SAP believes that pro-forma operating income, pro-forma operating margin, pro-forma net income, and pro-forma EPS, all based on pro-forma expenses, provide supplemental meaningful information that can help investors assess the financial performance of the Company using the same measures that SAP uses in its internal management reporting. The following expenses are eliminated from pro-forma expenses, pro-forma operating income, pro-forma operating margin, pro-forma net income, pro-forma EPS, and other pro-forma measures:

The pro-forma measures disclosed are the same measures that SAP uses in its internal management reporting. Pro-forma operating income is one of the criteria, alongside the software revenue increase, for performance-related elements of management compensation.
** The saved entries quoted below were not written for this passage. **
(* Let $G=(N,T,F,P,S)$ be a grounded indexed grammar, $D$ a derivation tree of $G$ (with some set of marked positions of its yield), and $H=(v_0,\dots,v_m)$ a limited flat descent in $D$. Then $H$ has at most $|N|\cdot 3^{|N|}$ splits.
   Context: An indexed grammar $G=(N,T,F,P,S)$ has finite alphabets $N$ (nonterminals), $T$ (terminals), $F$ (stack symbols), start symbol $S$, and productions of the forms $A\to r$, $A\to Bf$, $Af\to r$ ($A,B\in N$, $f\in F$, $r\in(N\cup T)^*$); nonterminals carry stacks $x\in F^*$ (written $Ax$, top first); applying $A\to r$ to $Ax$ gives $r$ with each nonterminal $C$ replaced by $Cx$; $A\to Bf$ turns $Ax$ into $Bfx$; $Af\to r$ turns $Afy$ into $r$ with each nonterminal $C$ replaced by $Cy$. $G$ is grounded if there is $\$\in F$ such that all productions have the forms $S\to A\$$, $A\to r$, $A\to Bf$, $Af\to r$, $A\$\to s$ with $A,B\in N\setminus\{S\}$, $f\in F\setminus\{\$\}$, $r\in(N\setminus\{S\})^+$, $s\in T^*$. A derivation tree is an ordered tree with root labelled $S$ (empty stack), internal nodes labelled in $NF^*$, leaves labelled in $T^*$, where the children of each internal node are obtained from its label by one production (a production $A\$\to s'$ yields a single leaf labelled $s'$); its yield is the concatenation of leaf labels. Marking: a leaf is marked if its label contains a marked position of the yield; an internal node is marked if it has a marked descendant; a branch node is a node with more than one marked child. For an internal node $v$ labelled $Ax$: $\sigma(v)=A$, $\eta(v)=|x|$; $v'$ is in the scope of $v$ iff $v'$ is internal and there is a downward path from $v$ to $v'$ all of whose nodes $v''$ (including $v'$) satisfy $\eta(v'')\ge \eta(v)$; $\beta(v)$ is the set of nodes in the scope of $v$ none of whose children is in the scope of $v$; $\tau(v)=(\tau_1,\tau_2,\tau_3)$ with $\tau_1=\{A:\sigma(v')\ne A\ \forall v'\in\beta(v)\}$, $\tau_2=\{A:\exists v'\in\beta(v),\sigma(v')=A$, and no marked $v'\in\beta(v)$ has $\sigma(v')=A\}$, $\tau_3=\{A:\exists$ marked $v'\in\beta(v)$ with $\sigma(v')=A\}$. A descent is a list of internal nodes $(v_0,\dots,v_m)$, $m\ge0$, with $v_m\in\beta(v_0)$ and each $v_i$ ($i\ge1$) a (not necessarily immediate) descendant of $v_{i-1}$. For $0\le i<m$ there is a split between $i$ and $i+1$ iff some node on the tree path from $v_i$ (inclusive) to $v_{i+1}$ (exclusive) is a branch node (counted as one split regardless of how many branch nodes); the number of splits of $H$ is the number of such $i$. $H$ is flat if $\eta(v_i)=\eta(v_0)$ for all $i$. $H$ is limited iff for all $0\le b_1<t_1<t_2\le b_2\le m$ with $\sigma(v_{b_1})=\sigma(v_{t_1})$, $\sigma(v_{t_2})=\sigma(v_{b_2})$, $v_{b_2}\in\beta(v_{b_1})$, $v_{t_2}\in\beta(v_{t_1})$ and $\tau(v_{b_1})=\tau(v_{t_1})$, there is no split between $i$ and $i+1$ for any $b_1\le i<t_1$ or any $t_2\le i<b_2$. *)

From Stdlib Require List.
From mathcomp Require Import all_boot.
Set Implicit Arguments.
Unset Strict Implicit.
Unset Printing Implicit Defensive.

Section IndexedGrammars.
Variables (N T F : Type).

(* Productions of a (general) indexed grammar:
     Rule A r    :  A -> r      (r in (N u T)^* )
     Push A B f  :  A -> B f
     Pop A f r   :  A f -> r    (r in (N u T)^* )                         *)
Inductive production :=
| Rule of N & seq (N + T)
| Push of N & N & F
| Pop  of N & F & seq (N + T).

Definition is_nt (c : N + T) : bool := if c is inl _ then true else false.
Definition is_t  (c : N + T) : bool := if c is inr _ then true else false.

Definition grounded (S : N) (dol : F) (P : seq production) : Prop :=
  forall p, List.In p P ->
  match p with
  | Push A B f =>
      (A = S /\ f = dol /\ B <> S)
   \/ (A <> S /\ B <> S /\ f <> dol)
  | Rule A r =>
      A <> S /\ r <> [::] /\
      forall c, List.In c r -> exists C, c = inl C /\ C <> S
  | Pop A f r =>
      A <> S /\
      ((f <> dol /\ r <> [::] /\
         forall c, List.In c r -> exists C, c = inl C /\ C <> S)
       \/ (f = dol /\ forall c, List.In c r -> is_t c))
  end.

(* Derivation trees: internal nodes labelled A x (x in F^*, top first),
   leaves labelled by words in T^*. *)
Inductive tree :=
| Leaf of seq T
| Node of N & seq F & seq tree.

Definition rootlab (t : tree) : (N * seq F) + seq T :=
  match t with Leaf s => inr s | Node A x _ => inl (A, x) end.

(* A right-hand side consisting only of
   terminals (the productions A $ -> s of a grounded grammar) yields a single
   leaf labelled by that terminal word. *)
Definition expand (r : seq (N + T)) (y : seq F) : seq ((N * seq F) + seq T) :=
  if all is_t r then
    [:: inr (pmap (fun c => if c is inr a then Some a else None) r)]
  else map (fun c => match c with inl C => inl (C, y) | inr a => inr [:: a] end) r.

Definition applies (p : production) (A : N) (x : seq F)
    (ls : seq ((N * seq F) + seq T)) : Prop :=
  match p with
  | Rule A' r => A' = A /\ ls = expand r x
  | Push A' B f => A' = A /\ ls = [:: inl (B, f :: x)]
  | Pop A' f r => A' = A /\ exists y, x = f :: y /\ ls = expand r y
  end.

(* nodes are addressed by sequences of child indices (0-based) *)
Fixpoint sub (t : tree) (v : seq nat) {struct v} : option tree :=
  match v with
  | [::] => Some t
  | i :: q =>
      match t with
      | Leaf _ => None
      | Node _ _ ts => if i < size ts then sub (nth (Leaf [::]) ts i) q else None
      end
  end.

Definition derivation_tree (S : N) (P : seq production) (t : tree) : Prop :=
  (exists ts, t = Node S [::] ts) /\
  forall v A x ts, sub t v = Some (Node A x ts) ->
    exists p, List.In p P /\ applies p A x (map rootlab ts).

Definition is_node (t : tree) (v : seq nat) : Prop := exists u, sub t v = Some u.
Definition internal (t : tree) (v : seq nat) : Prop :=
  exists A x ts, sub t v = Some (Node A x ts).

(* sigma and eta (meaningful on internal nodes) *)
Definition sigma (t : tree) (v : seq nat) : option N :=
  match sub t v with Some (Node A _ _) => Some A | _ => None end.
Definition eta (t : tree) (v : seq nat) : nat :=
  match sub t v with Some (Node _ x _) => size x | _ => 0 end.

Definition desc_eq (v w : seq nat) : Prop := exists q, w = v ++ q.
Definition desc (v w : seq nat) : Prop := exists q, q <> [::] /\ w = v ++ q.

Definition child (t : tree) (v c : seq nat) : Prop :=
  is_node t c /\ exists i, c = rcons v i.

Fixpoint ylen (t : tree) : nat :=
  match t with
  | Leaf s => size s
  | Node _ _ ts => sumn (map ylen ts)
  end.

Fixpoint offset (t : tree) (v : seq nat) {struct v} : nat :=
  match v with
  | [::] => 0
  | i :: q =>
      match t with
      | Leaf _ => 0
      | Node _ _ ts => sumn (map ylen (take i ts)) + offset (nth (Leaf [::]) ts i) q
      end
  end.

(* marking; M is the set of marked positions (0-based) of the yield *)
Definition marked_leaf (t : tree) (M : pred nat) (u : seq nat) : Prop :=
  exists s, sub t u = Some (Leaf s) /\
    exists k, k < size s /\ M (offset t u + k).

Definition marked (t : tree) (M : pred nat) (w : seq nat) : Prop :=
  marked_leaf t M w \/ (internal t w /\ exists u, desc w u /\ marked_leaf t M u).

Definition branch (t : tree) (M : pred nat) (w : seq nat) : Prop :=
  exists c1 c2, c1 <> c2 /\ child t w c1 /\ child t w c2 /\
    marked t M c1 /\ marked t M c2.

Definition in_scope (t : tree) (v v' : seq nat) : Prop :=
  internal t v' /\ desc_eq v v' /\
  forall w, desc_eq v w -> desc_eq w v' -> eta t v <= eta t w.

Definition in_beta (t : tree) (v v' : seq nat) : Prop :=
  in_scope t v v' /\ forall c, child t v' c -> ~ in_scope t v c.

Definition tau1 (t : tree) (v : seq nat) (A : N) : Prop :=
  forall v', in_beta t v v' -> sigma t v' <> Some A.
Definition tau2 (t : tree) (M : pred nat) (v : seq nat) (A : N) : Prop :=
  (exists v', in_beta t v v' /\ sigma t v' = Some A) /\
  ~ (exists v', in_beta t v v' /\ marked t M v' /\ sigma t v' = Some A).
Definition tau3 (t : tree) (M : pred nat) (v : seq nat) (A : N) : Prop :=
  exists v', in_beta t v v' /\ marked t M v' /\ sigma t v' = Some A.

Definition tau_eq (t : tree) (M : pred nat) (v w : seq nat) : Prop :=
  forall A, (tau1 t v A <-> tau1 t w A) /\ (tau2 t M v A <-> tau2 t M w A) /\
            (tau3 t M v A <-> tau3 t M w A).

(* descents H = (v_0, ..., v_m) given as a nonempty list, v_i = nth [::] H i,
   m = (size H).-1 *)
Definition vtx (H : seq (seq nat)) (i : nat) : seq nat := nth [::] H i.
Definition lastidx (H : seq (seq nat)) : nat := (size H).-1.

Definition descent (t : tree) (H : seq (seq nat)) : Prop :=
  0 < size H /\
  (forall i, i <= lastidx H -> internal t (vtx H i)) /\
  in_beta t (vtx H 0) (vtx H (lastidx H)) /\
  (forall i, 1 <= i <= lastidx H -> desc (vtx H i.-1) (vtx H i)).

Definition split_at (t : tree) (M : pred nat) (H : seq (seq nat)) (i : nat) : Prop :=
  exists w, desc_eq (vtx H i) w /\ desc w (vtx H i.+1) /\ branch t M w.

Definition at_most_splits (t : tree) (M : pred nat) (H : seq (seq nat)) (K : nat) : Prop :=
  forall s : seq nat, uniq s ->
    (forall i, i \in s -> i < lastidx H /\ split_at t M H i) -> size s <= K.

Definition flat (t : tree) (H : seq (seq nat)) : Prop :=
  forall i, i <= lastidx H -> eta t (vtx H i) = eta t (vtx H 0).

Definition limited (t : tree) (M : pred nat) (H : seq (seq nat)) : Prop :=
  forall b1 t1 t2 b2, b1 < t1 -> t1 < t2 -> t2 <= b2 -> b2 <= lastidx H ->
    sigma t (vtx H b1) = sigma t (vtx H t1) ->
    sigma t (vtx H t2) = sigma t (vtx H b2) ->
    in_beta t (vtx H b1) (vtx H b2) ->
    in_beta t (vtx H t1) (vtx H t2) ->
    tau_eq t M (vtx H b1) (vtx H t1) ->
    (forall i, b1 <= i < t1 -> ~ split_at t M H i) /\
    (forall i, t2 <= i < b2 -> ~ split_at t M H i).

End IndexedGrammars.

(** Along a flat descent every [v_i] has [v_m] in its [beta], so whenever
    [v_i] and [v_j] ([i < j]) carry the same nonterminal and the same [tau],
    limitedness (applied to [b1 = i], [t1 = j], [t2 = b2 = m]) forbids a split
    at [i].  Hence the split positions are told apart by the pair
    [(sigma(v_i), tau(v_i))], and [tau(v_i)] is determined by recording, for
    each nonterminal, which of the three disjoint sets [tau_1], [tau_2],
    [tau_3] contains it: at most [|N| * 3^|N|] values. *)
From mathcomp Require Import all_boot boolp.

Set Implicit Arguments.
Unset Strict Implicit.
Unset Printing Implicit Defensive.

Lemma desc_eq_refl (v : seq nat) : desc_eq v v.
Proof. by exists [::]; rewrite cats0. Qed.

Lemma desc_eq_trans (u v w : seq nat) : desc_eq u v -> desc_eq v w -> desc_eq u w.
Proof. by move=> [q1 ->] [q2 ->]; exists (q1 ++ q2); rewrite catA. Qed.

Lemma desc_eq_total (u v w : seq nat) :
  desc_eq u w -> desc_eq v w -> desc_eq u v \/ desc_eq v u.
Proof.
move=> [q ->] [q'].
elim: u v => [|a u IH] [|b v] /=.
- by left; exists [::].
- by left; exists (b :: v).
- by right; exists (a :: u).
- by case=> -> /IH [[r ->]|[r ->]]; [left|right]; exists r.
Qed.

Section Beta.
Variables (N T F : Type) (t : tree N T F).

Lemma in_beta_shift (u v w : seq nat) :
  in_beta t u w -> desc_eq u v -> desc_eq v w -> eta t v = eta t u ->
  in_beta t v w.
Proof.
move=> [[intw [_ scope_uw]] no_child] uv vw eta_vu.
split.
  split=> //; split=> // x vx xw.
  by rewrite eta_vu; apply: scope_uw => //; apply: desc_eq_trans vx.
move=> c cw [intc [vc scope_vc]]; apply: (no_child c cw).
split=> //; split; first exact: desc_eq_trans vc.
move=> x ux xc; have [xv|vx] := desc_eq_total xc vc.
- by apply: scope_uw => //; apply: desc_eq_trans vw.
- by rewrite -eta_vu; apply: scope_vc.
Qed.

End Beta.

Section TauClass.
Variables (N T F : Type) (t : tree N T F) (M : pred nat).

Definition tau_class (v : seq nat) (A : N) : option bool :=
  if `[< tau3 t M v A >] then Some true
  else if `[< tau2 t M v A >] then Some false
  else None.

Lemma tau3_class v A : tau3 t M v A <-> tau_class v A = Some true.
Proof.
rewrite /tau_class; case: asboolP => [h3|n3]; first by split.
by case: asboolP; split=> // /n3.
Qed.

Lemma tau2_class v A : tau2 t M v A <-> tau_class v A = Some false.
Proof.
rewrite /tau_class; case: asboolP => [h3|_].
  by split=> // [[_ n3]]; case: n3.
by case: asboolP => [|n2]; split=> // /n2.
Qed.

Lemma tau1_class v A : tau1 t v A <-> tau_class v A = None.
Proof.
rewrite /tau_class; case: asboolP => [[v' [bv' [_ sv']]]|n3].
  by split=> // h1; case: (h1 v' bv' sv').
case: asboolP => [[[v' [bv' sv']] _]|n2].
  by split=> // h1; case: (h1 v' bv' sv').
split=> // _ v' bv' sv'; apply: n2; split; first by exists v'.
by move=> [v'' [bv'' [mv'' sv'']]]; apply: n3; exists v''.
Qed.

Lemma tau_eq_class v w : tau_class v =1 tau_class w -> tau_eq t M v w.
Proof.
move=> e A; split; last split; split.
- by move/tau1_class=> h; apply/tau1_class; rewrite -e.
- by move/tau1_class=> h; apply/tau1_class; rewrite e.
- by move/tau2_class=> h; apply/tau2_class; rewrite -e.
- by move/tau2_class=> h; apply/tau2_class; rewrite e.
- by move/tau3_class=> h; apply/tau3_class; rewrite -e.
- by move/tau3_class=> h; apply/tau3_class; rewrite e.
Qed.

End TauClass.

Section FlatDescent.
Variables (N T F : Type) (t : tree N T F) (M : pred nat) (H : seq (seq nat)).
Hypotheses (descH : descent t H) (flatH : flat t H).

Lemma descent_desc_eq i j :
  i <= j -> j <= lastidx H -> desc_eq (vtx H i) (vtx H j).
Proof.
case: descH => _ [_ [_ stepH]].
elim: j => [|j IH] ij jm; first by move: ij; rewrite leqn0 => /eqP ->; apply: desc_eq_refl.
case: (ltngtP i j.+1) ij => // [ij|->] _; last exact: desc_eq_refl.
apply: desc_eq_trans (IH ij (ltnW jm)) _.
by have [q [_ e]] := stepH j.+1 jm; exists q.
Qed.

Lemma flat_descent_in_beta i :
  i <= lastidx H -> in_beta t (vtx H i) (vtx H (lastidx H)).
Proof.
case: descH => _ [_ [beta0 _]] im.
apply: in_beta_shift beta0 _ _ (flatH im); last exact: descent_desc_eq.
exact: descent_desc_eq.
Qed.

Hypothesis limH : limited t M H.

Lemma flat_limited_split_class_neq i j :
  i < j -> j < lastidx H -> split_at t M H i ->
  sigma t (vtx H i) = sigma t (vtx H j) ->
  tau_class t M (vtx H i) =1 tau_class t M (vtx H j) -> False.
Proof.
move=> ij jm split_i sij tij.
have im : i <= lastidx H by rewrite ltnW // (ltn_trans ij).
have [no_split _] := limH ij jm (leqnn _) (leqnn _) sij erefl
  (flat_descent_in_beta im) (flat_descent_in_beta (ltnW jm)) (tau_eq_class tij).
by apply: (no_split i) => //; rewrite leqnn ij.
Qed.

End FlatDescent.

Lemma internal_sigma (N T F : Type) (t : tree N T F) v (A0 : N) :
  internal t v -> sigma t v = Some (odflt A0 (sigma t v)).
Proof. by move=> [A [x [ts e]]]; rewrite /sigma e. Qed.

Theorem lemma3 (N T F : finType) (S : N) (dol : F) (P : seq (production N T F))
    (hG : grounded S dol P)
    (D : tree N T F) (hD : derivation_tree S P D)
    (M : pred nat) (H : seq (seq nat))
    (hH : descent D H) (hflat : flat D H) (hlim : limited D M H) :
  at_most_splits D M H (#|N| * 3 ^ #|N|).
Proof.
move=> s uniq_s splits_s.
pose signature i : N * {ffun N -> option bool} :=
  (odflt S (sigma D (vtx H i)), [ffun A => tau_class D M (vtx H i) A]).
have sigma_vtx i : i <= lastidx H -> sigma D (vtx H i) = Some (signature i).1.
  by case: hH => _ [int_vtx _] /int_vtx; apply: internal_sigma.
have distinct i j : i \in s -> j \in s -> i < j -> signature i <> signature j.
  move=> /splits_s [im split_i] /splits_s [jm _] ij [si ti].
  apply: (flat_limited_split_class_neq hH hflat hlim ij jm split_i).
    by rewrite (sigma_vtx i (ltnW im)) (sigma_vtx j (ltnW jm)); congr Some.
  by move/ffunP: ti => ti A; have := ti A; rewrite !ffunE.
have inj_signature : {in s &, injective signature}.
  move=> i j si sj e; case: (ltngtP i j) => // ij.
  - by case: (distinct i j si sj ij e).
  - by case: (distinct j i sj si ij (esym e)).
have /card_uniqP : uniq (map signature s) by rewrite map_inj_in_uniq.
rewrite size_map => <-; apply: leq_trans (max_card _) _.
by rewrite card_prod card_ffun card_option card_bool.
Qed.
In addition, SAP gives full year and long term guidance based on non-GAAP financial measures. The guidance is provided on pro-forma operating performance excluding stock-based compensation expenses and acquisition-related charges to focus on components that reflect the operational performance that management can directly influence and reasonably forecast for the periods covered by the guidance.

Free Cash Flow
Management believes that free cash flow is a widely accepted supplemental measure of liquidity among companies. Free cash flow measures a company's cash flow remaining after all expenditures required to maintain or expand the business have been paid off. SAP calculates free cash flow as operating cash flow minus capital expenditures. Free cash flow should be considered in addition to, and not as a substitute, or superior to, cash flow, or other measures of liquidity and financial performance prepared in accordance with U.S. GAAP.
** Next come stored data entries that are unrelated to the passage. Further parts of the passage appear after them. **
(* Let $\mathbb E$ be a finitely complete category such that, for every object $X$, every internal group in $Pt_X\mathbb E$ has as underlying split epimorphism an isomorphism. Then for every object $X$, every internal reflexive graph on $X$ that admits an internal groupoid structure is a relation on $X$, i.e. it is a subobject of the indiscrete relation $\nabla_X$ in $RGh_X\mathbb E$ (equivalently $(d_0,d_1):X_1\to X\times X$ is a monomorphism).
   Context: $Pt_X\mathbb E$ is the category of split epimorphisms $f:A\to X$ with chosen section $s$, morphisms commuting with $f$ and $s$. An internal reflexive graph on $X$ is $d_0,d_1:X_1\to X$ with $s_0:X\to X_1$, $d_0s_0=1=d_1s_0$; $RGh_X\mathbb E$ is the category of these with morphisms identity on $X$, having terminal object $\nabla_X=(X\times X,p_0,p_1,(1,1))$. An internal groupoid structure on such a graph is an associative unital composition on $X_1\times_XX_1$ with identities $s_0$ and inverses. *)

Declare Scope cat_scope.
Set Implicit Arguments.
Unset Strict Implicit.

Record Category := {
  Ob :> Type;
  Hom : Ob -> Ob -> Type;
  comp : forall (a b c : Ob), Hom b c -> Hom a b -> Hom a c;
  idm : forall a : Ob, Hom a a;
  comp_assoc : forall a b c d (h : Hom c d) (g : Hom b c) (f : Hom a b),
      comp h (comp g f) = comp (comp h g) f;
  comp_id_l : forall a b (f : Hom a b), comp (idm b) f = f;
  comp_id_r : forall a b (f : Hom a b), comp f (idm a) = f
}.
Arguments comp {C a b c} _ _ : rename.
Arguments idm {C} a : rename.
Arguments Hom {C} _ _ : rename.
Constant-Currency Period over Period Changes
SAP believes it is important for investors to have information that provides insight into its sales growth. Revenue amounts determined under U.S. GAAP provide information that is useful in this regard. Period-over-period changes in such revenue amounts are impacted by both growth in sales volume as well as currency effects. Under its business model SAP does not sell standardized units of products and services. Therefore SAP cannot provide relevant information on sales volume growth by providing data on the growth in product and service units sold. In order to provide additional information that is useful to investors in evaluating sales volume growth SAP presents information about its revenue and income growth adjusted for foreign currency effects. SAP calculates constant-currency period over period changes in revenue and income by translating foreign currencies using the average exchange rates from 2005 instead of 2006. Constant-currency period over period changes should be considered in addition to, and not as a substitute, or superior to, changes in revenues, expenses, income or other measures of financial performance prepared in accordance with U.S. GAAP.

2) Core Enterprise Applications Vendor Share
In previous quarters, worldwide peer group share was provided based on a peer group of Microsoft Corp. (business solutions segment only), Oracle Corp. (business applications only) and Siebel Systems, Inc. The Company believes that after the large amount of consolidation that has occurred among the larger companies in the software industry, the peer group has become too small to provide an adequate metric for the purpose of measuring growth of sales share. Therefore, the Company will now be providing share data based on the vendors of Core Enterprise Applications solutions, which account for approximately $16 billion in software revenues as defined by the Company based on industry analyst research. For 2006, industry analysts project approximately 4% year-on-year growth for core Enterprise Applications vendors. For its quarterly share calculation, SAP assumes that this approximate 4% growth will not be linear throughout the year. Instead, quarterly adjustments are made based on the financial performance of a sub set (approximately 30) of Core Enterprise Application vendors.